■ Task ■
Your task is to copy the stretch of lines in the records below that begins with the line containing "Lemma sl_upd_here : sl S s' x = l." and ends with the line containing "Lemma sl_upd_fresh z", exactly as written, with nothing added.

■ Data to use ■
(* Predicate atoms are read through an arbitrary interpretation [I], so that the
   induction over [psat] can carry an invariant stronger than [psat] itself. *)
Section SeparatingConjunction.
Variable S : SLSig.

Definition interp := PName S -> list (val S) -> heap S -> Prop.

Definition satom_sat (I : interp) (s : stack S) (a : satom S) (h : heap S) : Prop :=
  match a with
  | SPto _ p => pto_sat S s p h
  | SPred _ q => I (pname S q) (inl (evl S s (proot S q)) :: map (eva S s) (pargs S q)) h
  end.

Inductive sepsat (I : interp) (s : stack S) : list (satom S) -> heap S -> Prop :=
  | sepsat_nil h : hemp S h -> sepsat I s [] h
  | sepsat_cons a l h h1 h2 :
      hunion S h1 h2 h -> satom_sat I s a h1 -> sepsat I s l h2 -> sepsat I s (a :: l) h.

Lemma sepsat_nil_inv I s h : sepsat I s [] h -> hemp S h.
Proof. inversion 1; assumption. Qed.

Lemma sepsat_cons_inv I s a l h : sepsat I s (a :: l) h ->
  exists h1 h2, hunion S h1 h2 h /\ satom_sat I s a h1 /\ sepsat I s l h2.
Proof. inversion 1; eauto. Qed.

Lemma sepsat_single_inv I s a h : sepsat I s [a] h -> satom_sat I s a h.
Proof.
  intros H; apply sepsat_cons_inv in H as (h1 & h2 & U & Ha & E).
  apply sepsat_nil_inv in E; apply hunion_comm in U.
  rewrite (hunion_hemp_l S _ _ _ E U); assumption.
Qed.

Lemma sepsat_single I s a h : satom_sat I s a h -> sepsat I s [a] h.
Proof.
  intros Ha; apply sepsat_cons with h (heap_empty S); auto using sepsat_nil, hemp_heap_empty.
  apply hunion_comm, hunion_empty_l.
Qed.

Lemma sepsat_app I s l1 l2 h1 h2 h :
  sepsat I s l1 h1 -> sepsat I s l2 h2 -> hunion S h1 h2 h -> sepsat I s (l1 ++ l2) h.
Proof.
  intros H; revert h2 h; induction H as [h0 E | a l h0 ha hl U Ha Hl IH];
    intros h2 h H2 V; simpl.
  - rewrite (hunion_hemp_l S _ _ _ E V); assumption.
  - destruct (hunion_assoc_lr S _ _ _ _ _ U V) as (h' & U' & V').
    apply sepsat_cons with ha h'; eauto.
Qed.

Lemma sepsat_app_inv I s l1 l2 h : sepsat I s (l1 ++ l2) h ->
  exists h1 h2, hunion S h1 h2 h /\ sepsat I s l1 h1 /\ sepsat I s l2 h2.
Proof.
  revert h; induction l1 as [|a l1 IH]; intros h H; simpl in H.
  - exists (heap_empty S), h; auto using hunion_empty_l, sepsat_nil, hemp_heap_empty.
  - apply sepsat_cons_inv in H as (ha & hl & U & Ha & Hl).
    apply IH in Hl as (h1 & h2 & U' & H1 & H2).
    destruct (hunion_assoc_rl S _ _ _ _ _ U' U) as (h' & V & V').
    exists h', h2; split; [exact V' | split; [econstructor; eauto | exact H2]].
Qed.

Lemma sepsat_perm I s l l' h : Permutation l l' -> sepsat I s l h -> sepsat I s l' h.
Proof.
  intros Hp; revert h; induction Hp as [| a l l' _ IH | a b l | l l' l'' _ IH _ IH'];
    intros h H; auto.
  - apply sepsat_cons_inv in H as (h1 & h2 & U & Ha & Hl); econstructor; eauto.
  - apply sepsat_cons_inv in H as (h1 & h2 & U & Hb & Hl).
    apply sepsat_cons_inv in Hl as (h3 & h4 & U' & Ha & Hl).
    destruct (hunion_assoc_rl S _ _ _ _ _ U' U) as (h13 & V & V').
    apply hunion_comm in V.
    destruct (hunion_assoc_lr S _ _ _ _ _ V V') as (h14 & W & W').
    econstructor; eauto; econstructor; eauto.
Qed.

Lemma sepsat_impl I J s s' l h :
  (forall a h1, In a l -> satom_sat I s a h1 -> satom_sat J s' a h1) ->
  sepsat I s l h -> sepsat J s' l h.
Proof.
  intros Himpl H; induction H as [h E | a l h h1 h2 U Ha Hl IH];
    econstructor; eauto using in_eq, in_cons.
Qed.

Lemma sepsat_ssat defs s l h : sepsat (psat S defs) s l h -> ssat S defs s l h.
Proof.
  induction 1 as [h E | [p|q] l h h1 h2 U Ha _ IH]; econstructor; eauto.
Qed.

End SeparatingConjunction.

Section FreshUpdate.
Variable S : SLSig.
Variables (s : stack S) (x y : nat) (l : Loc S) (d : Dat S).

Let s' := upd_d S (upd_l S s x l) y d.

Lemma sl_upd_here : sl S s' x = l.
Proof. simpl; rewrite Nat.eqb_refl; reflexivity. Qed.

Lemma sd_upd_here : sd S s' y = d.
Proof. simpl; rewrite Nat.eqb_refl; reflexivity. Qed.

Lemma sl_upd_fresh z : z <> x -> sl S s' z = sl S s z.
Proof. intros Hz; simpl; destruct (Nat.eqb_spec z x); congruence. Qed.

Lemma sd_upd_fresh z : z <> y -> sd S s' z = sd S s z.
Proof. intros Hz; simpl; destruct (Nat.eqb_spec z y); congruence. Qed.

Lemma evl_upd_fresh t : ~ In x (lvars_lterm t) -> evl S s' t = evl S s t.
Proof. destruct t as [z|]; simpl; intros Hx; [apply sl_upd_fresh; intros ->|]; tauto. Qed.

Lemma eva_upd_fresh args :
  ~ In x (flat_map lvars_arg args) -> ~ In y (flat_map dvars_arg args) ->
  map (eva S s') args = map (eva S s) args.
Proof.
  induction args as [|[t|z] args IH]; cbn [map flat_map eva lvars_arg dvars_arg app];
    intros Hx Hy; auto.
  - rewrite in_app_iff in Hx; rewrite evl_upd_fresh, IH; tauto.
  - rewrite sd_upd_fresh, IH; simpl in Hy; tauto.
Qed.

Lemma formals_upd_fresh fs :
  ~ In (FL x) fs -> ~ In (FD y) fs ->
  map (eva S s') (map formal_arg fs) = map (eva S s) (map formal_arg fs).
Proof.
  induction fs as [|[z|z] fs IH]; cbn [map formal_arg eva evl In]; intros Hx Hy; auto.
  - rewrite sl_upd_fresh, IH; try tauto; intros ->; tauto.
  - rewrite sd_upd_fresh, IH; try tauto; intros ->; tauto.
Qed.

Lemma pure_sat_upd_fresh (Hdc : dcoincidence S) a :
  ~ In x (lvars_pure S a) -> ~ In y (dvars_pure S a) -> pure_sat S s a -> pure_sat S s' a.
Proof.
  destruct a as [t u | t u | z w | c]; cbn [lvars_pure dvars_pure pure_sat In];
    rewrite ?in_app_iff; intros Hx Hy.
  - rewrite !evl_upd_fresh; tauto.
  - rewrite !evl_upd_fresh; tauto.
  - rewrite !sd_upd_fresh; intuition.
  - apply (Hdc c (sd S s)); intros z Hz; symmetry; apply sd_upd_fresh; congruence.
Qed.

Lemma pto_sat_upd_fresh p h :
  ~ In x (lvars_pto S p) -> ~ In y (dvars_pto S p) -> pto_sat S s p h -> pto_sat S s' p h.
Proof.
  unfold lvars_pto, dvars_pto; rewrite in_app_iff; intros Hx Hy (D1 & D2 & V1 & V2).
  assert (Esrc : evl S s' (src S p) = evl S s (src S p)) by (apply evl_upd_fresh; tauto).
  split; [|split; [|split]]; rewrite ?Esrc.
  - exact D1.
  - exact D2.
  - intros f t Hin; rewrite (V1 f t Hin), evl_upd_fresh; [reflexivity|].
    intros Ht; apply Hx; right; apply in_flat_map; exists (f, t); auto.
  - intros f z Hin; rewrite (V2 f z Hin), sd_upd_fresh; [reflexivity|].
    intros ->; apply Hy, in_map_iff; exists (f, y); auto.
Qed.

Lemma patom_sat_upd_fresh (I : interp S) q h :
  ~ In x (lvars_patom S q) -> ~ In y (dvars_patom S q) ->
  satom_sat S I s (SPred S q) h -> satom_sat S I s' (SPred S q) h.
Proof.
  unfold lvars_patom, dvars_patom; rewrite in_app_iff; simpl; intros Hx Hy.
  rewrite evl_upd_fresh, eva_upd_fresh; tauto.
Qed.

Lemma sepsat_upd_fresh (I J : interp S) sig1 sig2 h :
  (forall Q vs h, I Q vs h -> J Q vs h) ->
  ~ In x (flat_map (lvars_pto S) sig1 ++ flat_map (lvars_patom S) sig2) ->
  ~ In y (flat_map (dvars_pto S) sig1 ++ flat_map (dvars_patom S) sig2) ->
  sepsat S I s (map (SPto S) sig1 ++ map (SPred S) sig2) h ->
  sepsat S J s' (map (SPto S) sig1 ++ map (SPred S) sig2) h.
Proof.
  rewrite !in_app_iff, !in_flat_map; intros IJ Hx Hy.
  apply sepsat_impl; intros a h1 Ha; rewrite in_app_iff, !in_map_iff in Ha.
  destruct Ha as [(p & <- & Hp) | (q & <- & Hq)].
  - apply pto_sat_upd_fresh; intros Hin; eauto.
  - intros Hq'; apply IJ, (patom_sat_upd_fresh I); auto; intros Hin; eauto.
Qed.

End FreshUpdate.

Lemma bind_ok_map S s fs vs :
  bind_ok S s fs vs -> vs = map (eva S s) (map formal_arg fs).
Proof. induction 1; simpl; f_equal; auto. Qed.

Lemma bind_ok_eva S s fs : bind_ok S s fs (map (eva S s) (map formal_arg fs)).
Proof. induction fs; simpl; constructor; auto. Qed.

Scheme psat_mut := Induction for psat Sort Prop
with ssat_mut := Induction for ssat Sort Prop.

Section Composition.
Variable S : SLSig.
Hypothesis Hdc : dcoincidence S.
Variable defs : PName S -> pdef S.
Variables (P : PName S) (a1 a2 b1 b2 : nat) (xs : list formal).
Hypothesis HP : synt_compositional S defs P a1 a2 b1 b2 xs.
Hypothesis Hnodup : NoDup (pformals S (defs P)).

■ Result of this exercise ■
Lemma sl_upd_here : sl S s' x = l.
Proof. simpl; rewrite Nat.eqb_refl; reflexivity. Qed.

Lemma sd_upd_here : sd S s' y = d.
Proof. simpl; rewrite Nat.eqb_refl; reflexivity. Qed.

Lemma sl_upd_fresh z : z <> x -> sl S s' z = sl S s z.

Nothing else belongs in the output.